On Mon, 17 Jul 1995, Florent Guillaume wrote:
> What follows is a patch for Apache 0.8.0 (and Shambhala) that enables
> consistent handling of content-language with MultiViews.
>
> (The new behaviour is much closer to what you can have using CERN's httpd.)
>
> Previously, if you wanted to handle files in several languages, you
> were obliged to have a .var file for each, because mod_mime.c didn't
> know what Content-Language was and so didn't type on language.
>
> I added a per-directory directive AddLanguage which is very similar to
> AddEncoding : it takes a language and a suffix. For example my srm.conf has
>
> AddLanguage fr .fr
> AddLanguage en .en
> AddLanguage de .de
>
> Mod_mime.c now recognizes filenames of the form
> basename.type.lang.encoding, for example chapter1.html.fr.gz is
> correctly typed as text/html with language=fr and encoding=x-gzip. The
> Content-Language is stored in a new field in request_rec, exactly like
> the Content-Encoding.
I really like this, but what resolves name collisions and missing
info between type, lang, and encoding? For example, if I decide to name
all my Framemaker documents .fr, what happens to document.fr?
document.fr.en? document.fr.fr? If type, lang, and encoding shared the
same namespace, *no* problem. In this case, we're using filename
extensions to indicate meta-information other than content-type, which
I'm certainly comfortable with, but the collision issue should be
resolved somehow.
Also, it would be tremendous if I could have the flexibility to negotiate
on file type and language and encoding by specifying only the meta-info I
want in the filename - in other words, lets say I have documents in all
the possible variations of
basename.[html,txt,pdf].[en,fr,jp].[gz,Z,uu]
Right now with content-negotiation, if I have an index.html and an
index.html3, then I can simply point a resource locator to "index" and
negotiation happens, but I can also defeat negotiation by explicitly
linking to "index.html3" if I wanted to make sure someone got the 3.0
version.
Let's say for the above 9 versions of the document I wanted to
be able to specify which variables are mandatory.
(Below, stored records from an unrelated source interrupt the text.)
(* Let $\mathcal{G}=(\mathcal{V},\mathcal{E})$ be an undirected graph with $|\mathcal{N}_i|\ge (d+1)F+1$ for every $i\in\mathcal{V}$, and suppose the misbehaving agents follow either the $F$-local or the $F$-total attack model. If the benign agents run the resilient multi-dimensional consensus algorithm described in the context (with arbitrary admissible choices of the middle points), then for every $k\ge 0$, $\varOmega(k+1)\subset\varOmega(k)$.
   Context: $\mathcal{G}=(\mathcal{V},\mathcal{E})$ is undirected, $\mathcal{N}_i=\{j\in\mathcal{V}: e_{ij}\in\mathcal{E}\}$. $\mathcal{V}=\mathcal{B}\cup\mathcal{F}$ disjointly; $\mathcal{F}$ are misbehaving agents, which may send arbitrary (possibly different to different neighbors, possibly colluding) values at each time; $\mathcal{B}$ are benign agents following the algorithm. $F$-total attack model: $|\mathcal{F}|\le F$. $F$-local attack model: $|\mathcal{F}\cap\mathcal{N}_i|\le F$ for all $i\in\mathcal{V}$. For a finite multiset $\mathcal{A}\subset\mathbb{R}^d$ of cardinality $m$ (counted with multiplicity) and integer $0\le n\le m$, let $\mathcal{S}(\mathcal{A},n)$ be the collection of all sub-multisets of $\mathcal{A}$ of cardinality $m-n$, and $\varPsi(\mathcal{A},n)=\bigcap_{S\in\mathcal{S}(\mathcal{A},n)}\mathrm{Conv}(S)$. Algorithm: each benign agent $i$ has state $x^i(k)\in\mathbb{R}^d$. At each time $k$: (1) $i$ collects in the multiset $\mathcal{X}^i(k)$ the values received from all $j\in\mathcal{N}_i$; (2) with $p=(k \bmod d)+1$, it sorts the points of $\mathcal{X}^i(k)$ in ascending order of their $p$-th entries; (3) $\mathcal{Y}^i(k)$ is the multiset of the first $(d+1)F+1$ sorted points, and $y^i(k)$ is any point of $\varPsi(\mathcal{Y}^i(k),F)$; (4) $\mathcal{Z}^i(k)$ is the multiset of the last $(d+1)F+1$ sorted points, and $z^i(k)$ is any point of $\varPsi(\mathcal{Z}^i(k),F)$; (5) $x^i(k+1)=\frac{1}{3}\big(x^i(k)+y^i(k)+z^i(k)\big)$, which is sent to all neighbors. $\varOmega(k)$ denotes the convex hull of $\{x^i(k): i\in\mathcal{B}\}$. *)

From HB Require Import structures.
From mathcomp Require Import all_boot all_order all_algebra.
Set Implicit Arguments. Unset Strict Implicit. Unset Printing Implicit Defensive.
Import Order.TTheory GRing.Theory Num.Theory.
Local Open Scope ring_scope.

(* Conv: x lies in the convex hull of the finite (multi)family of points
   {f i : i \in P} (points are indexed, so repetitions = multiplicities). *)
Definition inConv (R : realFieldType) (d : nat) (I : finType) (P : {set I})
  (f : I -> 'rV[R]_d) (x : 'rV[R]_d) : Prop :=
  exists lam : I -> R,
    [/\ forall i, 0 <= lam i,
        forall i, i \notin P -> lam i = 0,
        \sum_(i in P) lam i = 1
      & x = \sum_(i in P) lam i *: f i].

Definition inPsi (R : realFieldType) (d : nat) (I : finType) (P : {set I})
  (f : I -> 'rV[R]_d) (n : nat) (x : 'rV[R]_d) : Prop :=
  forall Q : {set I}, Q \subset P -> (#|Q| + n)%N = #|P| -> inConv Q f x.

(* the p-th entry (0-based) of a row vector; 0 if p is out of range *)
Definition entry (R : realFieldType) (d : nat) (v : 'rV[R]_d) (p : nat) : R :=
  if @insub nat (fun q => q < d)%N _ p is Some j then v ord0 j else 0.

Definition nbhd (V : finType) (e : rel V) (i : V) : {set V} := [set j | e i j].

From HB Require Import structures.
From mathcomp Require Import all_boot all_order all_algebra.
From mathcomp Require Import zify.

(* Each benign update x^i(k+1) is the average of x^i(k), y and z, so it
   suffices that y and z lie in Omega(k).  A point of Psi(Y, F) lies in the
   convex hull of every sub-multiset of Y of size |Y| - F.  Under either attack
   model at most F of the values received by i come from misbehaving
   neighbours, so Y has a sub-multiset of that size made only of benign
   states x^j(k), whose hull is contained in Omega(k).  Neither the sorting
   step nor the precise size (d+1)F+1 of Y matters beyond |Y| >= F. *)

Set Implicit Arguments.
Unset Strict Implicit.
Unset Printing Implicit Defensive.
Import Order.TTheory GRing.Theory Num.Theory.
Local Open Scope ring_scope.

Section ConvexHull.

Variables (R : realFieldType) (d : nat).
Implicit Types (I J : finType).

Lemma inConv_mem I (P : {set I}) (f : I -> 'rV[R]_d) j :
  j \in P -> inConv P f (f j).
Proof.
move=> jP; exists (fun i => (i == j)%:R); split.
- by move=> i; rewrite ler0n.
- by move=> i iNP; case: eqP iNP => // ->; rewrite jP.
- by rewrite (bigD1 j) //= eqxx big1 ?addr0 // => i /andP[_ /negbTE ->].
- rewrite (bigD1 j) //= eqxx scale1r big1 ?addr0 // => i /andP[_ /negbTE ->].
  by rewrite scale0r.
Qed.

Lemma inConv_trans I J (P : {set I}) (Q : {set J}) (f : I -> 'rV[R]_d)
    (g : J -> 'rV[R]_d) w :
  inConv P f w -> (forall i, i \in P -> inConv Q g (f i)) -> inConv Q g w.
Proof.
move=> [lam [lam_ge0 lam_out lam_sum ->]] fPQ.
have /fin_all_exists[mu mu_spec] : forall i, exists mu : J -> R, i \in P ->
    [/\ forall j, 0 <= mu j, forall j, j \notin Q -> mu j = 0,
        \sum_(j in Q) mu j = 1 & f i = \sum_(j in Q) mu j *: g j].
  move=> i.
  by case: (boolP (i \in P)) => [/fPQ[mu] | _]; [exists mu | exists (fun=> 0)].
exists (fun j => \sum_(i in P) lam i * mu i j); split.
- move=> j; apply: sumr_ge0 => i iP.
  by have [mu_ge0 _ _ _] := mu_spec i iP; rewrite mulr_ge0.
- move=> j jNQ; apply: big1 => i iP.
  by have [_ -> // _ _] := mu_spec i iP; rewrite mulr0.
- rewrite exchange_big -lam_sum; apply: eq_bigr => i iP.
  by have [_ _ mu_sum _] := mu_spec i iP; rewrite -mulr_sumr mu_sum mulr1.
- apply/esym; under eq_bigr do rewrite scaler_suml.
  rewrite exchange_big; apply: eq_bigr => i iP.
  have [_ _ _ ->] := mu_spec i iP.
  by rewrite scaler_sumr; apply: eq_bigr => j _; rewrite scalerA.
Qed.

Lemma inConv_mean I (P : {set I}) (f : I -> 'rV[R]_d) n (u : 'I_n.+1 -> 'rV_d) :
  (forall j, inConv P f (u j)) -> inConv P f (n.+1%:R^-1 *: \sum_j u j).
Proof.
move=> uP; apply: inConv_trans (fun j (_ : j \in setT) => uP j).
exists (fun=> n.+1%:R^-1); split=> //.
- by move=> j; rewrite invr_ge0 ler0n.
- by move=> j; rewrite in_setT.
- by rewrite sumr_const cardsT card_ord -[_ *+ _]mulr_natr mulVf ?pnatr_eq0.
- by rewrite scaler_sumr; apply: eq_bigl => j; rewrite in_setT.
Qed.

Lemma inConv_subset I (P Q : {set I}) (f : I -> 'rV[R]_d) w :
  P \subset Q -> inConv P f w -> inConv Q f w.
Proof. by move=> PQ /inConv_trans; apply => i /(subsetP PQ); apply: inConv_mem. Qed.

Lemma inPsi_inConv I (P G : {set I}) (f : I -> 'rV[R]_d) n w :
  (n <= #|P|)%N -> (#|P :\: G| <= n)%N -> inPsi P f n w -> inConv (P :&: G) f w.
Proof.
move=> nP PGn Pw.
have cardPG : (#|P| - n <= #|P :&: G|)%N.
  by have := cardsID G P; rewrite setIC; lia.
have [Q] : exists Q, Q \in [set A : {set I} | A \subset P :&: G & #|A| == (#|P| - n)%N].
  by apply/card_gt0P; rewrite cards_draws bin_gt0.
rewrite inE => /andP[QPG /eqP cardQ].
apply: inConv_subset QPG (Pw Q (subset_trans QPG (subsetIl _ _)) _).
by rewrite cardQ subnK.
Qed.

Lemma inPsi_inConv_honest I J (P : {set I}) (pts : I -> 'rV[R]_d)
    (s : I -> J) (B : {set J}) (xB : J -> 'rV[R]_d) n w :
  (n <= #|P|)%N -> (#|s @^-1: ~: B| <= n)%N ->
  (forall t, s t \in B -> pts t = xB (s t)) ->
  inPsi P pts n w -> inConv B xB w.
Proof.
move=> nP dishonest_n honest Pw.
have dishonest_P : (#|P :\: s @^-1: B| <= n)%N.
  apply: leq_trans dishonest_n; apply/subset_leq_card/subsetP => t.
  by rewrite !inE => /andP[].
apply: inConv_trans (inPsi_inConv nP dishonest_P Pw) _ => t.
by rewrite !inE => /andP[_ sB]; rewrite honest //; apply: inConv_mem.
Qed.

End ConvexHull.

Lemma leq_card_preimset (I T : finType) (s : I -> T) (A C : {set T}) :
  injective s -> (forall t, s t \in A) -> (#|s @^-1: C| <= #|C :&: A|)%N.
Proof.
move=> s_inj sA; rewrite -(card_imset _ s_inj) subset_leq_card //.
by apply/subsetP => _ /imsetP[t + ->]; rewrite !inE => ->; rewrite sA.
Qed.

Lemma widen_ord_inj m n (mn : (m <= n)%N) : injective (widen_ord mn).
Proof. by move=> i j /(congr1 val) /= /val_inj. Qed.

Lemma card_ord_prefix n m : (m <= n)%N -> #|[set t : 'I_n | (t < m)%N]| = m.
Proof.
move=> mn; rewrite -[RHS]card_ord -(card_imset _ (@widen_ord_inj _ _ mn)).
congr #|pred_of_set _|; apply/setP => t; rewrite inE.
apply/idP/imsetP => [tm | [j _ ->] /=]; last exact: ltn_ord.
by exists (Ordinal tm) => //; apply: val_inj.
Qed.

Lemma card_ord_suffix n m : (m <= n)%N -> #|[set t : 'I_n | (n - m <= t)%N]| = m.
Proof.
move=> mn; rewrite -[RHS](card_ord_prefix mn) -(card_preimset _ rev_ord_inj).
congr #|pred_of_set _|; apply/setP => t; rewrite !inE /=.
by have := ltn_ord t; lia.
Qed.

Theorem proposition1
  (R : realFieldType) (d F : nat) (hd : (0 < d)%N)
  (V : finType) (e : rel V)
  (e_sym : symmetric e) (e_irr : irreflexive e)
  (hdeg : forall i : V, ((d.+1) * F + 1 <= #|nbhd e i|)%N)
  (B : {set V})   (* benign agents; the misbehaving ones are ~: B *)
  (hatt : (forall i : V, #|~: B :&: nbhd e i| <= F)%N \/ (#|~: B| <= F)%N)
  (x : V -> nat -> 'rV[R]_d)             (* states x^i(k) *)
  (msg : nat -> V -> V -> 'rV[R]_d)      (* msg k j i : value sent by j to i at time k *)
  (hmsg : forall k j i, j \in B -> msg k j i = x j k)
  (hstep : forall (i : V) (k : nat), i \in B ->
     exists (sigma : 'I_#|nbhd e i| -> V) (y z : 'rV[R]_d),
       let pts := fun t => msg k (sigma t) i in
       let p := (k %% d)%N in
       [/\ injective sigma /\ (forall t, sigma t \in nbhd e i),
           forall t1 t2 : 'I_#|nbhd e i|, (t1 <= t2)%N ->
              entry (pts t1) p <= entry (pts t2) p,
           inPsi [set t : 'I_#|nbhd e i| | (t < (d.+1) * F + 1)%N] pts F y,
           inPsi [set t : 'I_#|nbhd e i| |
                    (#|nbhd e i| - ((d.+1) * F + 1) <= t)%N] pts F z
         & x i k.+1 = 3^-1 *: (x i k + y + z)]) :
  forall (k : nat) (w : 'rV[R]_d),
    inConv B (fun i => x i k.+1) w -> inConv B (fun i => x i k) w.
Proof.
have F_local i : (#|~: B :&: nbhd e i| <= F)%N.
  by case: hatt => // totalF; apply: leq_trans totalF; rewrite subset_leq_card ?subsetIl.
move=> k w /inConv_trans; apply=> i iB.
have [s [y [z /= [[s_inj s_nbhd] _ hy hz ->]]]] := hstep i k iB.
have dishonest := leq_trans (leq_card_preimset (~: B) s_inj s_nbhd) (F_local i).
have F_le_m : (F <= (d.+1) * F + 1)%N by lia.
have yB : inConv B (x^~ k) y.
  by apply: (inPsi_inConv_honest _ dishonest _ hy) => [|t /hmsg]; rewrite ?card_ord_prefix.
have zB : inConv B (x^~ k) z.
  by apply: (inPsi_inConv_honest _ dishonest _ hz) => [|t /hmsg]; rewrite ?card_ord_suffix.
have -> : x i k + y + z = \sum_(j < 3) [:: x i k; y; z]`_j.
  by rewrite !big_ord_recl big_ord0 /= addr0 addrA.
apply: inConv_mean => -[[|[|[|//]]] /= _].
- exact: inConv_mem.
- exact: yB.
- exact: zB.
Qed.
If I didn't care at
all which document was fetched, I'd create a link to "basename". If I
wanted specifically the gzip'd french PDF, I'd make a link to
"basename.pdf.fr.gzip". Now, let's say I want to make a link to all
french variants explicit, yet let the client/server negotiate on their
own as to encoding and content-type preferences. I'd like to then link
to "basename.fr". Or, I specifically want the uuencoded PDF's, but I
don't care what language: "basename.pdf.gz".
Thoughts? If we ensure there's no namespace collisions between mime
type extensions and filename extensions and encoding extension then this
is easy. If not....
Brian
--=-=-=-=-=-=-=-=-=-=-=-=-=-=-=-=-=-=-=-=-=-=-=-=-=-=-=-=-=-=-=-=-=-=-=-=-=--
brian@organic.com brian@hyperreal.com http://www.[hyperreal,organic].com/